# Description of the task:
Stop after the line with "(forall x, K x -> exists i, U i x) ->"; until then, please copy every line of the records word for word from the first.

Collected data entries
(* Let $(X,d)$ be a metric space. Then $X$ is complete if and only if $(P_{USCB}(X),H_{\rm send})$ is complete.
   Context: $X\times[0,1]$ is metrized by $\overline{d}((x,\alpha),(y,\beta))=d(x,y)+|\alpha-\beta|$. For a subset $u\subseteq X\times[0,1]$ and $\alpha\in[0,1]$ put $[u]_\alpha=\{x\in X:(x,\alpha)\in u\}$. $P_{USCB}(X)$ is the set of subsets $u\subseteq X\times[0,1]$ such that $[u]_\alpha=\bigcap_{\beta<\alpha}[u]_\beta$ for all $\alpha\in(0,1]$ and $[u]_\alpha$ is a non-empty compact subset of $X$ for all $\alpha\in[0,1]$ (each such $u$ is then a non-empty compact subset of $X\times[0,1]$). For $u,v\in P_{USCB}(X)$, $H_{\rm send}(u,v)=H(u,v)$, where $H(A,B)=\max\{\sup_{a\in A}\inf_{b\in B}\overline{d}(a,b),\sup_{b\in B}\inf_{a\in A}\overline{d}(a,b)\}$ is the Hausdorff metric on non-empty compact subsets of $X\times[0,1]$. *)

From HB Require Import structures.
From mathcomp Require Import all_boot all_order all_algebra.
From mathcomp Require Import all_classical all_reals.
From Stdlib Require Lists.List.
Set Implicit Arguments. Unset Strict Implicit. Unset Printing Implicit Defensive.
Import Order.TTheory GRing.Theory Num.Theory.
Local Open Scope classical_set_scope.
Local Open Scope ring_scope.

Section Defs.
Variables (R : realType).

Definition is_metric (X : Type) (d : X -> X -> R) : Prop :=
  (forall x y, d x y = 0 <-> x = y) /\
  (forall x y, d x y = d y x) /\
  (forall x y z, d x z <= d x y + d y z).

Definition open_in (X : Type) (d : X -> X -> R) (U : set X) : Prop :=
  forall x, U x -> exists2 e : R, 0 < e & forall y, d x y < e -> U y.

Definition compact_in (X : Type) (d : X -> X -> R) (K : set X) : Prop :=
  forall (I : Type) (U : I -> set X), (forall i, open_in d (U i)) ->
    (forall x, K x -> exists i, U i x) ->
    exists s : list I, forall x, K x -> exists i, Stdlib.Lists.List.In i s /\ U i x.

Definition complete_wrt (T : Type) (S : set T) (dist : T -> T -> R) : Prop :=
  forall u : nat -> T, (forall n, S (u n)) ->
    (forall e : R, 0 < e -> exists N : nat, forall m n : nat,
        (N <= m)%N -> (N <= n)%N -> dist (u m) (u n) < e) ->
    exists2 l : T, S l & forall e : R, 0 < e -> exists N : nat,
        forall n : nat, (N <= n)%N -> dist (u n) l < e.

(* the metric dbar on X x [0,1] (points represented in X * R) *)
Definition dbar (X : Type) (d : X -> X -> R) (p q : X * R) : R :=
  d p.1 q.1 + `|p.2 - q.2|.

Definition cut (X : Type) (u : set (X * R)) (alpha : R) : set X :=
  [set x | u (x, alpha)].

Definition P_USCB (X : Type) (d : X -> X -> R) (u : set (X * R)) : Prop :=
  (forall p, u p -> 0 <= p.2 <= 1) /\
  (forall alpha : R, 0 < alpha <= 1 ->
     cut u alpha = [set x | forall beta : R, 0 <= beta < alpha -> cut u beta x]) /\
  (forall alpha : R, 0 <= alpha <= 1 ->
     (exists x, cut u alpha x) /\ compact_in d (cut u alpha)).
From HB Require Import structures.
From mathcomp Require Import all_boot all_order all_algebra.
From mathcomp Require Import all_classical all_reals all_analysis.
From mathcomp Require Import lra ring.
Import Order.TTheory GRing.Theory Num.Theory.
Import numFieldNormedType.Exports.
Local Open Scope classical_set_scope.
Local Open Scope ring_scope.
Set Implicit Arguments. Unset Strict Implicit. Unset Printing Implicit Defensive.

(* Projecting the system on a unit direction v turns it into a scalar delayed
   consensus system y_k' = c sum_(j != k) w_kj (t) (y_j (t - tau t) - y_k t) with
   weights 0 <= w_kj <= K and c (N - 1) <= 1.  For such systems we prove:
   - a maximum principle: an upper bound M valid on a delay window
     [a - taubar, a] persists for all later times (first-crossing argument
     against the barrier M + e exp(t), then e -> 0);
   - exponential relaxation: y_k' <= K (M - y_k), hence by a Gronwall-type
     argument y_k(t) <= e^(-K(t-t0)) y_k(t0) + (1 - e^(-K(t-t0))) M; the
     symmetric lower bound follows by applying this to -y.
   On the n-th delay window all projections lie in a slab [M - D_n, M]; the two
   one-sided bounds at times t and t0 give the first estimate, and at two
   different times s, t of the next window (with v the direction of
   x_i(s) - x_j(t)) they give D_(n+1) <= e^(-K taubar) d(n taubar)
   + (1 - e^(-K taubar)) D_n. *)

Section RealFacts.
Variable R : realType.
Implicit Types (g : R -> R) (a t : R).

Lemma le0_of_lt0_left g a t : a < t -> {for t, continuous g} ->
  (forall s, a <= s < t -> g s < 0) -> g t <= 0.
Proof.
move=> at1 cg neg.
have cgl : g s @[s --> t^'-] --> g t by exact: cvg_at_left_filter.
suff ev : \forall s \near t^'-, g s <= 0.
  exact: (closed_cvg [set r : R | r <= 0] (@closed_le _ 0) ev _ cgl).
near=> s; apply/ltW/neg; apply/andP; split; near: s.
- exact: nbhs_left_ge.
- exact: nbhs_left_lt.
Unshelve. all: by end_near. Qed.

Lemma lt_left_of_derive_lt0 g t l : is_derive t (1:R) g l -> l < 0 ->
  \forall s \near t^'-, g t < g s.
Proof.
move=> [dg <-] l0.
have : \forall h \near 0^', h^-1 *: ((g \o shift t) (h *: (1:R)) - g t) < 0.
  exact: cvgr_lt dg _ l0.
rewrite near_withinE => /nbhs_ballP [del del0 H].
near=> s.
have st : s < t by near: s; exact: nbhs_left_lt.
have hs : s - t != 0 by rewrite subr_eq0 lt_eqF.
have : (s - t)^-1 * (g s - g t) < 0.
  have := H (s - t); rewrite /= scaler1 addrNK; apply => //.
  rewrite /ball /= sub0r normrN ltr0_norm ?subr_lt0 // opprB.
  by near: s; exact: nbhs_left_ltBl.
by rewrite nmulr_rlt0 ?invr_lt0 ?subr_lt0 // subr_gt0.
Unshelve. all: by end_near. Qed.

Lemma derive_ge0_at_first_zero g a t l : a < t -> is_derive t (1:R) g l ->
  0 <= g t -> (forall s, a <= s < t -> g s < 0) -> 0 <= l.
Proof.
move=> at1 dg gt0 before; rewrite leNgt; apply/negP => l0.
have : \forall s \near t^'-, False.
  near=> s.
  have : g t < g s by near: s; exact: lt_left_of_derive_lt0 dg l0.
  rewrite ltNge (le_trans _ gt0) // ltW // before //; apply/andP; split.
    by near: s; exact: nbhs_left_ge.
  by near: s; exact: nbhs_left_lt.
by case/filter_ex.
Unshelve. all: by end_near. Qed.
(* Let $G$ be one of the groups $\mathrm{GU}_{2n}(q)$, $\mathrm{GU}_{2n+1}(q)$, $\mathrm{SO}_{2n+1}(q)$, $\mathrm{Sp}_{2n}(q)$ with $n\ge1$, viewed as a finite group with split $BN$-pair as described in the context. Let $L$ and $M$ be pure Levi subgroups of $G$ and let $x\in N$. Then $xLx^{-1}\cap M$ is a pure Levi subgroup of $G$.
   Context: Let $q$ be a power of a prime $p$. For $n\ge1$ the groups $G=\mathrm{GU}_{2n}(q)$, $\mathrm{GU}_{2n+1}(q)$, $\mathrm{SO}_{2n+1}(q)$, $\mathrm{Sp}_{2n}(q)$ have a natural split $BN$-pair of characteristic $p$ whose Weyl group $W=N/(B\cap N)$ is of type $B_n$, with simple reflections $S=\{s_1,\dots,s_n\}$ numbered so that $s_1,s_2$ are joined by the double edge of the Coxeter diagram and $s_i,s_{i+1}$ by a simple edge for $i\ge2$. For $I\subseteq S$ let $L_I$ denote the corresponding standard Levi subgroup. A subset $I\subseteq S$ is left connected if $I=\{s_1,\dots,s_r\}$ for some $0\le r\le n$. A Levi subgroup $L$ of $G$ is called pure if it is conjugate under $N$ to a standard Levi subgroup $L_I$ with $I$ left connected. *)

From mathcomp Require Import all_boot all_order all_algebra.
Set Implicit Arguments. Unset Strict Implicit. Unset Printing Implicit Defensive.
Import GRing.Theory.
Local Open Scope ring_scope.

Inductive cgtype := GU_even | GU_odd | SO_odd | Sp_even.

Definition cg_is_unitary (t : cgtype) : bool :=
  match t with GU_even | GU_odd => true | _ => false end.

Definition dimN (t : cgtype) (n : nat) : nat :=
  match t with GU_even | Sp_even => n.*2 | _ => (n.*2).+1 end.

Section ClassicalGroups.
(* F is the field of definition: F_q for SO/Sp, F_{q^2} for GU. *)
Variables (t : cgtype) (q n : nat) (F : finFieldType).
Local Notation N := (dimN t n).
Local Notation mx := 'M[F]_N.

(* Coordinates 0..N-1; coordinate k is paired with N-1-k (hyperbolic pairs),
   the middle coordinate n is anisotropic when N is odd. *)

Definition form_sp : mx :=
  \matrix_(i, j) (if (i + j == N.-1)%N then (if (i < n)%N then 1 else -1) else 0).

Definition form_herm : mx :=
  \matrix_(i, j) (if (i + j == N.-1)%N then 1 else 0).

Definition frob_mx (A : mx) : mx := map_mx (fun a => a ^+ q) A.

Definition quad (v : 'cV[F]_N) : F :=
  \sum_(k < N) (if (k < n)%N then v k 0 * v (rev_ord k) 0
                else if (k == n :> nat) then v k 0 ^+ 2 else 0).

Definition classical_group : {set mx} :=
  match t with
  | GU_even | GU_odd => [set A : mx | (frob_mx A)^T *m form_herm *m A == form_herm]
  | SO_odd => [set A : mx | [forall v : 'cV[F]_N, quad (A *m v) == quad v]
                            && (\det A == 1)]
  | Sp_even => [set A : mx | A^T *m form_sp *m A == form_sp]
  end.

Definition bn_B : {set mx} :=
  [set A in classical_group | [forall i : 'I_N, forall j : 'I_N, (j < i)%N ==> (A i j == 0)]].

Definition bn_N : {set mx} :=
  [set A in classical_group | [forall i : 'I_N, #|[set j : 'I_N | A i j != 0]| == 1%N]].
Theorem proposition11 (R : realType) (n : nat) (Phi S : seq 'rV[R]_n) (k : nat)
    (Rg : set 'rV[R]_n) :
  is_root_system Phi -> crystallographic Phi -> irreducible_rs Phi ->
  simple_system Phi S -> (0 < k)%N ->
  catalan_region Phi k Rg -> dominant Phi S Rg -> bounded_set Rg ->
  forall B B' : set 'rV[R]_n,
    maximal_alcove Phi S k Rg B -> pseudomaximal_alcove Phi S k Rg B' -> B' = B.
Proof.
move=> rsPhi _ _ ssS k_gt0 _ _ _ B B' [alcB rB] [Rg' [_ _ _ chain [alcB' rB']]].
set I := theta Phi S Rg; set J := theta Phi S Rg'.
have S_Ik x : x \in S -> I k x.
  move=> xS; have [s [ach _] _] := rB x (simple_root_positive ssS xS).
  exact: simple_root_in_theta ach.
have J_low i : (1 <= i <= k)%N -> J i = I i.
  by case/andP=> i_gt0 ik; rewrite /J chain ?i_gt0 ?(leqW ik) // underline_chain_low.
have J_top x : J k.+1 x -> level_sum I k.+1 x \/ I k x.
  by rewrite /J chain ?ltnSn //; exact: underline_chain_top.
apply: (alcove_r_eq rsPhi ssS) => // a a_pos.
have [s sI Br] := rB a a_pos; have [s' sJ B'r] := rB' a a_pos.
exists (Posz s); split=> //.
by rewrite (r_alpha_uniq (r_alpha_extend k_gt0 J_low J_top sI) sJ).
Qed.
Lemma polyA_orth_proj c1 c2 : c1 \is Num.real -> c2 \is Num.real ->
  c1 * (c1 * (1 + r ^+ 2) + 2 * c2) = c1 -> c2 ^+ 2 - c1 ^+ 2 * r ^+ 2 = c2 ->
  orth_proj_on ip quad_core (polyA c1 c2).
Proof.
move=> c1_real c2_real c1E c2E; split.
- move=> x Qx; apply: quad_core_comb => //.
  by apply: (proj2 quad_core_reduces); apply: (proj1 quad_core_reduces).
- move=> a x y _ _; apply: ip_extl => z.
  by rewrite /polyA AstarA_linear !(ipDl, ipZl); ring.
- move=> x Qx; rewrite /polyA (linD AstarA_linear) !(linZ AstarA_linear).
  rewrite AstarA_sqr ?(Qx [::]) //; apply: ip_extl => z; rewrite !(ipDl, ipNl, ipZl).
  set u := ip (AstarA x) z; set v := ip x z.
  transitivity ((c1 * (c1 * (1 + r ^+ 2) + 2 * c2) - c1) * u
                + (c2 ^+ 2 - c1 ^+ 2 * r ^+ 2 - c2) * v + (c1 * u + c2 * v)); first by ring.
  by rewrite c1E c2E !subrr !mul0r !add0r.
- move=> x y _ _; rewrite /polyA !(ipDl, ipZl, ipDr, ipZr) AstarA_adjoint.
  by rewrite !conj_Creal.
Qed.

Lemma quad_core_restr : restr_in_CC1r ip r quad_core A A'.
Proof.
have d_neq0 : 1 - r ^+ 2 != 0 by rewrite subr_eq0 eq_sym.
set c := (1 - r ^+ 2)^-1.
have c_real : c \is Num.real by rewrite rpredV rpredB ?rpred1 ?rpredX.
exists (polyA c (- (c * r ^+ 2))), (polyA (- c) c); split.
- by apply: polyA_orth_proj; rewrite ?rpredN ?rpredM ?rpredX // /c; field.
- by apply: polyA_orth_proj; rewrite ?rpredN // /c; field.
- by move=> x _; apply: ip_extl => z; rewrite /polyA !(ipDl, ipZl) /c; field.
- move=> x _; apply: ip_extl => z; rewrite -[A' (A x)]/(AstarA x) /polyA.
  by rewrite !(ipDl, ipZl) /c; field.
Qed.
(* Let $\xi$ be a DoS sequence that is not an edge case, and let $\hat{B}_d(t)$ and $\hat{B}_f(t)$ be generated by the DoS estimator with parameters $2\leqslant \ell\in\mathbb{N}_+$, $0<\epsilon_0<1$, $0<\theta<1$. Then there exists a finite $T\geqslant 0$ such that $\hat{B}_d(t)\in\mathcal{D}(\xi)$ and $\hat{B}_f(t)\in\mathcal{F}(\xi)$ for all $t\geqslant T$.
   Context: A DoS sequence $\xi=\{H_n\}$ is a finite or infinite sequence of sets $H_n := \{h_n\}\cup[h_n,h_n+\tau_n)$, where $h_1\geqslant 0$, $\tau_n\geqslant 0$ and $h_{n+1} > h_n+\tau_n$ for all $n$. If $\xi$ has only $m$ elements, the convention $h_{n}=h_{n}+\tau_{n}=+\infty$ for $n>m$ is used. For $0\leqslant \tau\leqslant s$ let $\Xi(\tau,s) := \bigcup_n H_n\cap[\tau,s]$ and $n_\xi(\tau,s) := \operatorname{card}(\{h_n\}_n\cap[\tau,s])$; $\lvert\cdot\rvert$ denotes Lebesgue measure. A constant $B_d\in[0,1]$ is a duration-bound of $\xi$ if there is a constant $0<\kappa<+\infty$ with $\lvert \Xi(0,t)\rvert\leqslant \kappa + B_d t$ for all $t\geqslant 0$. A constant $B_f\in[0,+\infty)$ is a frequency-bound of $\xi$ if there is an integer $0<\Lambda<+\infty$ with $n_\xi(0,t)\leqslant \Lambda + B_f t$ for all $t\geqslant 0$; if no such finite $B_f$ exists, the frequency-bound is defined to be $+\infty$. $\mathcal{D}(\xi)$ and $\mathcal{F}(\xi)$ denote the sets of all duration-bounds and frequency-bounds of $\xi$. $\xi$ is an edge case if (i) $\inf\mathcal{D}(\xi)=1$, or (ii) $\inf\mathcal{F}(\xi)=+\infty$, or (iii) for every $\Gamma\in(0,+\infty)$ there is $n$ with $\tau_n>\Gamma$. DoS estimator: with $B_d(i) := \frac{\lvert \Xi(0,h_i+\tau_i)\rvert}{h_i+\tau_i}$ and $B_f(i) := \frac{i}{h_i}$, $\hat B_d(t) = \epsilon_0$ for $t\in[0,h_\ell+\tau_\ell)$ and $\hat B_d(t) = \max_{\ell\leqslant i\leqslant n}\{\epsilon_0,\ \theta B_d(i)+(1-\theta)\}$ for $t\in[h_n+\tau_n, h_{n+1}+\tau_{n+1})$, $n\geqslant \ell$; $\hat B_f(t) = \epsilon_0$ for $t\in[0,h_\ell)$ and $\hat B_f(t) = \max_{\ell\leqslant i\leqslant n}\{\epsilon_0,\ B_f(i)/\theta\}$ for $t\in[h_n,h_{n+1})$, $n\geqslant\ell$. *)

From HB Require Import structures.
From mathcomp Require Import all_boot all_order all_algebra.
From mathcomp Require Import finmap.
From mathcomp Require Import all_classical all_reals all_analysis.
Set Implicit Arguments. Unset Strict Implicit. Unset Printing Implicit Defensive.
Import Order.TTheory GRing.Theory Num.Theory.
Local Open Scope classical_set_scope.
Local Open Scope ring_scope.

(* A DoS sequence is encoded by its length [len] (Some m: m elements,
   None: infinitely many) and two real sequences h, tau, indexed from 1.
   Values of h, tau outside the valid index range are irrelevant
   (the paper's convention h_n = +oo for n > m is realised by never
   using such indices). *)
Definition in_seq (len : option nat) (n : nat) : bool :=
  (0 < n)%N && (if len is Some m then (n <= m)%N else true).

Section DoS.
Variables (R : realType) (len : option nat) (h tau : nat -> R).

Definition DoS_seq : Prop :=
  (in_seq len 1 -> 0 <= h 1) /\
  (forall n, in_seq len n -> 0 <= tau n) /\
  (forall n, in_seq len n.+1 -> h n + tau n < h n.+1).

Definition Hset (n : nat) : set R := [set h n] `|` `[h n, h n + tau n[.

Definition Xi (a s : R) : set R :=
  [set x | exists2 n, in_seq len n & Hset n x] `&` `[a, s].

Definition hpts (a s : R) : set R :=
  [set x | exists2 n, in_seq len n & x = h n] `&` `[a, s].
Definition n_xi (a s : R) : \bar R :=
  if pselect (finite_set (hpts a s)) then ((#|` fset_set (hpts a s)|)%fset%:R)%:E
  else +oo%E.

Definition DurBounds : set R :=
  [set Bd | 0 <= Bd <= 1 /\ exists2 kappa : R, 0 < kappa &
     forall t : R, 0 <= t -> (lebesgue_measure (Xi 0 t) <= (kappa + Bd * t)%:E)%E].

Definition finFreqBound (Bf : R) : Prop :=
  0 <= Bf /\ exists2 Lambda : nat, (0 < Lambda)%N &
     forall t : R, 0 <= t -> (n_xi 0 t <= (Lambda%:R + Bf * t)%:E)%E.

Definition FreqBounds : set (\bar R) :=
  if pselect (exists Bf, finFreqBound Bf) then [set Bf%:E | Bf in finFreqBound]
  else [set +oo%E].

Definition edge_case : Prop :=
  inf DurBounds = 1 \/ ereal_inf FreqBounds = +oo%E \/
  (forall Gamma : R, 0 < Gamma -> exists2 n, in_seq len n & Gamma < tau n).

Definition ends (n : nat) : R := h n + tau n.

Definition Bd_i (i : nat) : R := fine (lebesgue_measure (Xi 0 (ends i))) / ends i.
Definition Bf_i (i : nat) : R := i%:R / h i.

(* the index n with t in [h_n+tau_n, h_{n+1}+tau_{n+1}) (upper end +oo if
   n is the last element); 0 if there is none *)
Definition idx_d (t : R) : nat :=
  xget 0%N [set n | in_seq len n /\ ends n <= t /\ (in_seq len n.+1 -> t < ends n.+1)].
Definition idx_f (t : R) : nat :=
  xget 0%N [set n | in_seq len n /\ h n <= t /\ (in_seq len n.+1 -> t < h n.+1)].

Variables (l : nat) (eps0 theta : R).

Definition Bd_hat (t : R) : R :=
  if (l <= idx_d t)%N then
    \big[Num.max/eps0]_(l <= i < (idx_d t).+1) (theta * Bd_i i + (1 - theta))
  else eps0.

Definition Bf_hat (t : R) : R :=
  if (l <= idx_f t)%N then
    \big[Num.max/eps0]_(l <= i < (idx_f t).+1) (Bf_i i / theta)
  else eps0.
End DoS.

(* Finitely many attacks keep both the attacked measure and the attack count
   bounded, so every value of the estimator is a bound.  Otherwise, not being
   an edge case provides a duration bound B < 1, a finite frequency bound and a
   uniform bound G on the tau_n; the frequency bound forces h_n -> +oo, so every
   late t lies in a unique window [h_n, h_{n+1}) (resp. [h_n + tau_n,
   h_{n+1} + tau_{n+1})), which is what the estimator indexes.
   The ratios B_d(i) eventually stay below (1 + B)/2, so S_d := sup_{i >= N}
   B_d(i) < 1 and a single index i with B_d(i) close enough to S_d gives
   theta B_d(i) + 1 - theta >= S_d: the estimator stays above S_d once t passes
   h_i + tau_i.  Every B in [S_d, 1] is a duration bound, because up to a time t
   in the window of n the attacked measure is at most
   B_d(n) (h_n + tau_n) + tau_{n+1} <= B t + G.  Likewise
   S_f := sup_{i >= l} B_f(i) is finite and positive, some j has
   B_f(j) / theta >= S_f, and every B >= S_f is a frequency bound since
   n = B_f(n) h_n <= B t for each attack h_n <= t with n >= l. *)

From HB Require Import structures.
From mathcomp Require Import all_boot all_order all_algebra.
From mathcomp Require Import all_classical all_reals all_analysis.
From mathcomp Require Import lra.
Import Order.TTheory GRing.Theory Num.Theory.
Local Open Scope classical_set_scope.
Local Open Scope ring_scope.
Set Implicit Arguments. Unset Strict Implicit. Unset Printing Implicit Defensive.

Lemma in_seq_le (len : option nat) i j :
  (0 < i)%N -> (i <= j)%N -> in_seq len j -> in_seq len i.
Proof.
rewrite /in_seq => i0 ij /andP[_]; rewrite i0.
by case: len => // m; exact: leq_trans.
Qed.

Section Window.
Variables (R : realType) (len : option nat) (a : nat -> R).
Hypothesis a_homo :
  forall i j, in_seq len i -> in_seq len j -> (i <= j)%N -> a i <= a j.

Definition window (t : R) (n : nat) : Prop :=
  in_seq len n /\ a n <= t /\ (in_seq len n.+1 -> t < a n.+1).

Lemma window_uniq t m n : window t m -> window t n -> m = n.
Proof.
suff window_ltF p q : (p < q)%N -> window t p -> window t q -> False.
  move=> wm wn; case: (ltngtP m n) => // [mn|nm].
  - by case: (window_ltF m n).
  - by case: (window_ltF n m).
move=> pq [vp [_ tp1]] [vq [aqt _]].
have vp1 : in_seq len p.+1 by exact: in_seq_le vq.
by have := lt_le_trans (tp1 vp1) (le_trans (a_homo vp1 vq pq) aqt); rewrite ltxx.
Qed.

Lemma xget_window t n : window t n -> xget 0%N [set k | window t k] = n.
Proof.
by move=> wtn; apply: (window_uniq _ wtn); exact: (xgetPex 0%N (ex_intro _ n wtn)).
Qed.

# Answer to this task:
(* Let $(X,d)$ be a metric space. Then $X$ is complete if and only if $(P_{USCB}(X),H_{\rm send})$ is complete.
   Context: $X\times[0,1]$ is metrized by $\overline{d}((x,\alpha),(y,\beta))=d(x,y)+|\alpha-\beta|$. For a subset $u\subseteq X\times[0,1]$ and $\alpha\in[0,1]$ put $[u]_\alpha=\{x\in X:(x,\alpha)\in u\}$. $P_{USCB}(X)$ is the set of subsets $u\subseteq X\times[0,1]$ such that $[u]_\alpha=\bigcap_{\beta<\alpha}[u]_\beta$ for all $\alpha\in(0,1]$ and $[u]_\alpha$ is a non-empty compact subset of $X$ for all $\alpha\in[0,1]$ (each such $u$ is then a non-empty compact subset of $X\times[0,1]$). For $u,v\in P_{USCB}(X)$, $H_{\rm send}(u,v)=H(u,v)$, where $H(A,B)=\max\{\sup_{a\in A}\inf_{b\in B}\overline{d}(a,b),\sup_{b\in B}\inf_{a\in A}\overline{d}(a,b)\}$ is the Hausdorff metric on non-empty compact subsets of $X\times[0,1]$. *)

From HB Require Import structures.
From mathcomp Require Import all_boot all_order all_algebra.
From mathcomp Require Import all_classical all_reals.
From Stdlib Require Lists.List.
Set Implicit Arguments. Unset Strict Implicit. Unset Printing Implicit Defensive.
Import Order.TTheory GRing.Theory Num.Theory.
Local Open Scope classical_set_scope.
Local Open Scope ring_scope.

Section Defs.
Variables (R : realType).

Definition is_metric (X : Type) (d : X -> X -> R) : Prop :=
  (forall x y, d x y = 0 <-> x = y) /\
  (forall x y, d x y = d y x) /\
  (forall x y z, d x z <= d x y + d y z).

Definition open_in (X : Type) (d : X -> X -> R) (U : set X) : Prop :=
  forall x, U x -> exists2 e : R, 0 < e & forall y, d x y < e -> U y.

Definition compact_in (X : Type) (d : X -> X -> R) (K : set X) : Prop :=
  forall (I : Type) (U : I -> set X), (forall i, open_in d (U i)) ->
    (forall x, K x -> exists i, U i x) ->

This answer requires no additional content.